The utility model belongs to the technical field of vehicle aftertreatment, and particularly relates to an aftertreatment system, an engine and a vehicle. The aftertreatment system comprises a particle trap, a urea injection device, a mixer and an SCR (selective catalytic reduction) catalyst, wherein a DOC (catalyst for oxidation) catalyst is coated on the inner hole surface of the particle trap, the urea injection device is connected to the air outlet end of the particle trap, the mixer is connected to the air outlet end of the urea injection device, and the SCR catalyst is connected to the air outlet end of the mixer. Through using the aftertreatment system among this technical scheme, scribble the DOC catalyst and attach on the interior pore face of DPF carrier, when can realizing handling the particulate matter, the function of synchronous processing hydrocarbon (including methane) and carbon oxygen compound guarantees the PN and discharges, scribbles the DOC catalyst and attaches on the particulate trap, can effectively save aftertreatment system's occupation space, realizes tight coupling as far as and arranges the scheme, promotes space utilization.

Description

Aftertreatment system, engine and vehicle

Technical Field

The utility model belongs to the technical field of vehicle aftertreatment, and particularly relates to an aftertreatment system, an engine and a vehicle.

Background

At present, the national six natural gas engine adopts an equivalent combustion and EGR technical route, and after-treatment by matching with reasonable TWC (three-way catalysis) meets the emission regulation.

The existing three-way catalytic converter is internally provided with a three-way catalyst and can simultaneously treat CH in engine tail gas₄CO, NOx, etc., but often produces a by-product NH₃The ammonia emission exceeds the standard, and particles in the tail gas cannot be treated, so that the PN emission exceeds the standard. Secondly, the main components of the three-way catalyst are precious metals such as platinum, palladium, rhodium and the like, and the cost is high. Secondly, the existing integral post-processing system occupies a large space, which is not beneficial to realizing a tightly coupled arrangement scheme, and reduces the space utilization rate.
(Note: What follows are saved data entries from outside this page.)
(* Let $(G,t)$ be a non-trivial problem instance, $X$ a modulator of $G$, $C$ a connected component of $G-X$, $T$ the block-cut tree of $C$, and let $\langle a_1,B_1,a_2,B_2,a_3,B_3,a_4\rangle$ be a simple path in $T$ (with $a_i$ articulation vertices and $B_i$ blocks) such that $N_G\big((V(B_1)\cup V(B_2)\cup V(B_3))\setminus\{a_1,a_4\}\big)=\{a_1,a_4\}$. Let $G'$ be obtained from $G$ by contracting $B_1$ into $a_1$ (replacing $V(B_1)$ by the single vertex $a_1$ adjacent to all of $N_G(V(B_1))$). Then $(G,t)$ has a solution if and only if $(G',t)$ has a solution.
   Context: $\mathrm{tw}$ is treewidth. A solution for $(G,t)$ is $S\subseteq V(G)$ with $|S|\le t$ and $\mathrm{tw}(G-S)\le 2$. A modulator of $G$ is $X$ with $\mathrm{tw}(G-X)\le 2$. $(G,t)$ is trivial if $|V(G)|\le 4$, or $\mathrm{tw}(G)\le 2$, or $t=0$, or some connected subgraph $H$ satisfies $\mathrm{tw}\big(G[N_G[H]]\cup\binom{N_G(H)}{2}\big)\le 2$ ($N_G(H)$: vertices outside $H$ adjacent to $H$; $N_G[H]=V(H)\cup N_G(H)$; $\cup\binom{N_G(H)}{2}$ adds all edges among $N_G(H)$); otherwise non-trivial. For $U\subseteq V(G)$, $N_G(U)$ is the set of vertices outside $U$ adjacent to $U$. A block of a connected graph is a maximal biconnected subgraph (biconnected = connected without articulation vertex); the block-cut tree of a connected graph $C$ is the bipartite tree whose nodes are the articulation vertices of $C$ and the blocks of $C$, with articulation vertex $a$ adjacent to block $B$ iff $a\in V(B)$. *)

(* Graphs: a finite ground type T, a vertex set V : {set T}
   and an adjacency relation e : rel T (only edges inside the vertex set count). *)
From mathcomp Require Import all_boot.
Set Implicit Arguments. Unset Strict Implicit. Unset Printing Implicit Defensive.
SUMMERY OF THE UTILITY MODEL

The utility model aims to at least solve the problem of low space utilization rate of a pre-processing system and a post-processing system. The purpose is realized by the following technical scheme:

a first aspect of the utility model proposes an aftertreatment system comprising:

the particle trap is characterized in that the inner hole surface of the particle trap is coated with a DOC catalyst;

the urea injection device is connected to the air outlet end of the particle trap;

the mixer is connected to the air outlet end of the urea injection device;

and the SCR catalyst is connected to the air outlet end of the mixer.

Through using the aftertreatment system among this technical scheme, scribble the DOC catalyst and attach on the interior pore face of DPF carrier, when can realizing handling the particulate matter, the function of synchronous processing hydrocarbon (including methane) and carbon oxygen compound guarantees the PN and discharges, in addition, scribble the DOC catalyst and attach on the particle trap, can effectively save aftertreatment system's occupation space, realize tight coupling as far as and arrange the scheme, promoted space utilization.
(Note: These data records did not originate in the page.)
(* Assume the target tube $\mathscr{T}_N$ is closed, $\mathcal{U}$ is compact, and each $f_k$ is continuous on $\mathcal{X}\times\mathcal{U}$. Let $\alpha\in[0,1]$, $k\in\mathbb{N}_{[0,N-1]}$, and let $\mathcal{E}_1,\dots,\mathcal{E}_M\subseteq\mathcal{W}$ be bounded measurable sets such that $\mathbb{P}\big((w_k,\dots,w_{N-1})\in\mathcal{E}_i^{N-k}\big)=\alpha$ for every $i\in\mathbb{N}_{[1,M]}$. Then $$\bigcup_{m=1}^M\mathcal{R}_k(\mathscr{T}_N,\mathcal{E}_m)\subseteq\mathcal{L}_k(\alpha).$$
   Context: Fix $N\in\mathbb{N}$, $N>0$, and write $\mathbb{N}_{[a,b]}=\{a,a+1,\dots,b\}$. Consider the discrete-time system $x_{k+1}=f_k(x_k,u_k)+w_k$, $k=0,\dots,N-1$, with state $x_k\in\mathcal{X}\subseteq\mathbb{R}^n$, input $u_k\in\mathcal{U}\subseteq\mathbb{R}^m$, disturbance $w_k\in\mathcal{W}\subseteq\mathbb{R}^n$ with $0\in\mathcal{W}$, and $f_k:\mathcal{X}\times\mathcal{U}\to\mathcal{X}$. A target tube is a sequence $\mathscr{T}_N=[\mathcal{T}_0,\dots,\mathcal{T}_N]$ of subsets of $\mathcal{X}$; it is called closed (resp. convex) if every $\mathcal{T}_k$ is closed (resp. convex). In the stochastic setting, $w_0,\dots,w_{N-1}$ are i.i.d. random vectors with an absolutely continuous distribution $\mathbb{P}_w$ on $\mathcal{W}$. A Markov policy is a tuple $\pi=[\mu_0,\dots,\mu_{N-1}]$ of universally measurable maps $\mu_k:\mathcal{X}\to\mathcal{U}$; $\mathcal{M}$ denotes the set of Markov policies. For $\pi\in\mathcal{M}$ and $x_k=y$, $\mathbb{P}^\pi_k(\cdot\,|\,y)$ denotes the probability law of $(x_{k+1},\dots,x_N)$ generated by $x_{t+1}=f_t(x_t,\mu_t(x_t))+w_t$. The stochastic $\alpha$-level reach set is $\mathcal{L}_k(\alpha)=\{y\in\mathcal{T}_k:\sup_{\pi\in\mathcal{M}}\mathbb{P}^\pi_k(\bigcap_{t=k+1}^N\{x_t\in\mathcal{T}_t\}\,|\,y)\ge\alpha\}$. For $\mathcal{E}\subseteq\mathcal{W}$ and $k\in\mathbb{N}_{[0,N-1]}$, the disturbance minimal reach set $\mathcal{R}_k(\mathscr{T}_N,\mathcal{E})$ is the set of $x_k\in\mathcal{T}_k$ for which there exist state-feedback laws $\nu_t:\mathcal{X}\to\mathcal{U}$, $t\in\mathbb{N}_{[k,N-1]}$ (no measurability required), such that for every disturbance sequence $w_k,\dots,w_{N-1}\in\mathcal{E}$ the trajectory $x_{t+1}=f_t(x_t,\nu_t(x_t))+w_t$ satisfies $x_t\in\mathcal{T}_t$ for all $t\in\mathbb{N}_{[k+1,N]}$; also $\mathcal{R}_N(\mathscr{T}_N,\mathcal{E})=\mathcal{T}_N$. *)

From HB Require Import structures.
From mathcomp Require Import all_boot all_order all_algebra.
From mathcomp Require Import all_classical all_reals all_analysis.
Set Implicit Arguments. Unset Strict Implicit. Unset Printing Implicit Defensive.
Import Order.TTheory GRing.Theory Num.Theory.
Import numFieldNormedType.Exports.
Local Open Scope classical_set_scope.
Local Open Scope ring_scope.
In addition, the post-processing system according to the utility model may also have the following additional technical features:

in some embodiments of the utility model, the DOC catalyst comprises a first oxidation catalyst coated on an interior bore face of the particulate trap distal from the first complementary portion of the urea injection device.
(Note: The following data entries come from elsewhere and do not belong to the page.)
Theorem mainTheorem3
  (X : Banach) (Xm : nat -> Banach)
  (P : forall m, X -> Xm m) (J : forall m, Xm m -> X) (MJ MP : R)
  (* approximation properties *)
  (HP : forall m, bdd_linear (P m)) (HJ : forall m, bdd_linear (J m))
  (HPJ : forall m (y : Xm m), P m (J m y) = y)
  (HJP : forall x, seq_lim (fun m => J m (P m x)) x)
  (HMJ : 0 < MJ) (HMP : 0 < MP)
  (HJb : forall m, op_norm_le (J m) MJ) (HPb : forall m, op_norm_le (P m) MP)
  (* semigroups and generators *)
  (T : R -> X -> X) (D : X -> Prop) (A : X -> X)
  (Tm : forall m, R -> Xm m -> Xm m) (Dm : forall m, Xm m -> Prop)
  (Am : forall m, Xm m -> Xm m)
  (HT : C0_semigroup T) (HA : generator T D A)
  (HTm : forall m, C0_semigroup (Tm m)) (HAm : forall m, generator (Tm m) (Dm m) (Am m))
  (MT wT : R) (HMT : 1 <= MT)
  (HTb : forall h, 0 < h -> op_norm_le (T h) (MT * exp (wT * h)))
  (HTmb : forall m h, 0 < h -> op_norm_le (Tm m h) (MT * exp (wT * h)))
  (HAconv : forall x, D x ->
     (exists N, forall m, (N <= m)%nat -> Dm m (P m x)) /\
     seq_lim (fun m => J m (Am m (P m x))) (A x))
  (t0 : R) (Ht0 : 0 < t0) :
  forall t, 0 < t <= t0 -> forall x, D x ->
    (* double limit n, m -> oo *)
    (forall eps, 0 < eps -> exists N, forall n m, (1 <= n)%nat -> (N <= n)%nat -> (N <= m)%nat ->
       vnorm (vsub (vscal (/ (t / INR n)) (vsub (J m (Tm m (t / INR n) (P m x))) (J m (P m x))))
                   (A x)) <= eps) /\
    (* the limit as m -> oo is uniform in n *)
    (forall eps, 0 < eps -> exists N, forall n m, (1 <= n)%nat -> (N <= m)%nat ->
       vnorm (vsub (vscal (/ (t / INR n)) (vsub (J m (Tm m (t / INR n) (P m x))) (J m (P m x))))
                   (vscal (/ (t / INR n)) (vsub (T (t / INR n) x) x))) <= eps).
Proof.
  intros t Ht x Hx.
  set (K := MT * exp (Rabs wT * (2 * t))).
  assert (HK : 1 <= K) by (apply growth_const_ge1; lra).
  assert (HKT : forall s, 0 <= s <= 2 * t -> op_norm_le (T s) K)
    by (apply sg_local_bound; auto; lra).
  assert (HKm : forall m s, 0 <= s <= 2 * t -> op_norm_le (Tm m s) K)
    by (intro m; apply sg_local_bound; auto; lra).
  pose proof (diff_quot_consistency X Xm P J MJ MP HP HJ HPJ HJP HMJ HMP HJb HPb
    T D A Tm Dm Am HT HA HTm HAm HAconv (2 * t) K ltac:(lra) HK HKT HKm x Hx) as Hcons.
  replace (2 * t / 2) with t in Hcons by field.
  split.
  - (* Double limit: add the convergence of (T(h)x - x)/h to A x as h = t/n -> 0. *)
    intros e He.
    destruct (Hcons (e / 2)) as [N1 HN1]; [lra|].
    destruct (generator_lim X T D A HA x Hx (e / 2)) as [d [Hd Hnear]]; [lra|].
    destruct (step_size_small t d ltac:(lra) Hd) as [N2 HN2].
    exists (Nat.max N1 N2). intros n m Hn HNn HNm.
    pose proof (step_size_bounds t n ltac:(lra) Hn) as Hstep.
    eapply Rle_trans; [apply (vnorm_sub_triangle _ _ (diff_quot T x (t / INR n)))|].
    pose proof (HN1 m (t / INR n) ltac:(lia) ltac:(lra)).
    pose proof (Hnear (t / INR n) (conj (proj1 Hstep) (HN2 n Hn ltac:(lia)))).
    lra.
  -
    intros e He. destruct (Hcons e He) as [N HN]. exists N. intros n m Hn Hm.
    apply HN; [exact Hm|]. apply step_size_bounds; [lra|exact Hn].
Qed.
In some embodiments of the utility model, the first oxidation catalyst comprises Pd metal.

In some embodiments of the utility model, the DOC catalyst comprises a second oxidation catalyst coated on an interior pore face of the particulate trap proximate to a second complementary portion of the urea injection device.

In some embodiments of the utility model, the second oxidation catalyst comprises Pt metal.

In some embodiments of the utility model, the aftertreatment system further comprises an air injection device connected between the mixer and the SCR catalyst.

In some embodiments of the utility model, the aftertreatment system further comprises an ammonia supply collector connected to the outlet end of the SCR catalyst.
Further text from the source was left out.